(* For all closed terms $t_0,t_0'$, if $t_0\to t_0'$ then $t_0\approx_{\emptyset}t_0'$.
   Context: Terms of $\lambda_S$: $t ::= x \mid \lambda x.t \mid t\,t \mid \mathcal{S}k.t \mid \langle t\rangle$ (shift binds $k$; $\langle\cdot\rangle$ reset), up to $\alpha$-conversion. Values $v::=\lambda x.t$. Pure contexts $E ::= \Box \mid v\,E \mid E\,t$; evaluation contexts $F ::= \Box \mid v\,F \mid F\,t \mid \langle F\rangle$. Reduction: $F[(\lambda x.t)v]\to F[t\{v/x\}]$; $F[\langle E[\mathcal Sk.t]\rangle]\to F[\langle t\{\lambda x.\langle E[x]\rangle/k\}\rangle]$ ($x\notin\mathrm{fv}(E)$); $F[\langle v\rangle]\to F[v]$; $\to^*$ reflexive-transitive closure. Stuck: not a value and irreducible; normal form: value or stuck. Closures: for $R$ a relation on closed terms, $\widetilde R$ is the smallest relation containing $R$, all $(x,x)$, closed under all term constructors, restricted to closed terms; $\widehat R$ is the smallest relation on closed evaluation contexts with $\Box\widehat R\Box$, $v_0F_0\widehat Rv_1F_1$ if $F_0\widehat RF_1,v_0\widetilde Rv_1$; $F_0t_0\widehat RF_1t_1$ if $F_0\widehat RF_1,t_0\widetilde Rt_1$; $\langle F_0\rangle\widehat R\langle F_1\rangle$ if $F_0\widehat RF_1$. An environment $\mathcal E$ is a relation on closed normal forms relating values only with values and stuck terms only with stuck terms; an environmental relation $\mathcal X$ is a set of environments and triples $(\mathcal E,t_0,t_1)$ with $t_0,t_1$ closed, written $t_0\mathcal X_{\mathcal E}t_1$. $\mathcal X$ is an environmental bisimulation if (1) whenever $t_0\mathcal X_{\mathcal E}t_1$: (a) $t_0\to t_0'$ implies $t_1\to^*t_1'$ with $t_0'\mathcal X_{\mathcal E}t_1'$; (b) if $t_0$ is a value $v_0$ then $t_1\to^*v_1$ with $\mathcal E\cup\{(v_0,v_1)\}\in\mathcal X$; (c) if $t_0$ is stuck then $t_1\to^*t_1'$ stuck with $\mathcal E\cup\{(t_0,t_1')\}\in\mathcal X$; (d) symmetric conditions; (2) whenever $\mathcal E\in\mathcal X$: (a) $(\lambda x.t_0)\mathcal E(\lambda x.t_1)$, $v_0\widetilde{\mathcal E}v_1$ imply $t_0\{v_0/x\}\mathcal X_{\mathcal E}t_1\{v_1/x\}$; (b) $E_0[\mathcal Sk.t_0]\mathcal EE_1[\mathcal Sk.t_1]$, pure $E_0'\widehat{\mathcal E}E_1'$ imply $\langle t_0\{\lambda x.\langle E_0'[E_0[x]]\rangle/k\}\rangle\mathcal X_{\mathcal E}\langle t_1\{\lambda x.\langle E_1'[E_1[x]]\rangle/k\}\rangle$ ($x$ fresh). $\approx$ is the largest environmental bisimulation; $t_0\approx_{\emptyset}t_1$ means $(\emptyset,t_0,t_1)\in\approx$. *)

From Stdlib Require Import Arith Relations.

(** Terms: de Bruijn indices (alpha-conversion is built in).
    [Lam t] binds index 0 in t; [Shift t] binds k as index 0 in t. *)
Inductive term : Type :=
| Var (n : nat)
| Lam (t : term)
| App (t u : term)
| Shift (t : term)
| Reset (t : term).

Fixpoint lift (k : nat) (t : term) : term :=
  match t with
  | Var n => if Nat.ltb n k then Var n else Var (S n)
  | Lam b => Lam (lift (S k) b)
  | App a b => App (lift k a) (lift k b)
  | Shift b => Shift (lift (S k) b)
  | Reset b => Reset (lift k b)
  end.

(** [subst k v t]: substitute v for index k in t (v given at depth k),
    decrementing indices above k.  t{v/x} for the binder x is [subst 0 v t]. *)
Fixpoint subst (k : nat) (v : term) (t : term) : term :=
  match t with
  | Var n => if Nat.ltb n k then Var n
             else if Nat.eqb n k then v else Var (pred n)
  | Lam b => Lam (subst (S k) (lift 0 v) b)
  | App a b => App (subst k v a) (subst k v b)
  | Shift b => Shift (subst (S k) (lift 0 v) b)
  | Reset b => Reset (subst k v b)
  end.

Fixpoint wf (n : nat) (t : term) : Prop :=
  match t with
  | Var m => m < n
  | Lam b => wf (S n) b
  | App a b => wf n a /\ wf n b
  | Shift b => wf (S n) b
  | Reset b => wf n b
  end.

=======

### EXERCISE PROMPT
Above is a listing; print exactly its lines from the one with "[Lam t] binds" through the one with "a) (subst k v b)", and no other lines.

### FINAL ANSWER
    [Lam t] binds index 0 in t; [Shift t] binds k as index 0 in t. *)
Inductive term : Type :=
| Var (n : nat)
| Lam (t : term)
| App (t u : term)
| Shift (t : term)
| Reset (t : term).

Fixpoint lift (k : nat) (t : term) : term :=
  match t with
  | Var n => if Nat.ltb n k then Var n else Var (S n)
  | Lam b => Lam (lift (S k) b)
  | App a b => App (lift k a) (lift k b)
  | Shift b => Shift (lift (S k) b)
  | Reset b => Reset (lift k b)
  end.

(** [subst k v t]: substitute v for index k in t (v given at depth k),
    decrementing indices above k.  t{v/x} for the binder x is [subst 0 v t]. *)
Fixpoint subst (k : nat) (v : term) (t : term) : term :=
  match t with
  | Var n => if Nat.ltb n k then Var n
             else if Nat.eqb n k then v else Var (pred n)
  | Lam b => Lam (subst (S k) (lift 0 v) b)
  | App a b => App (subst k v a) (subst k v b)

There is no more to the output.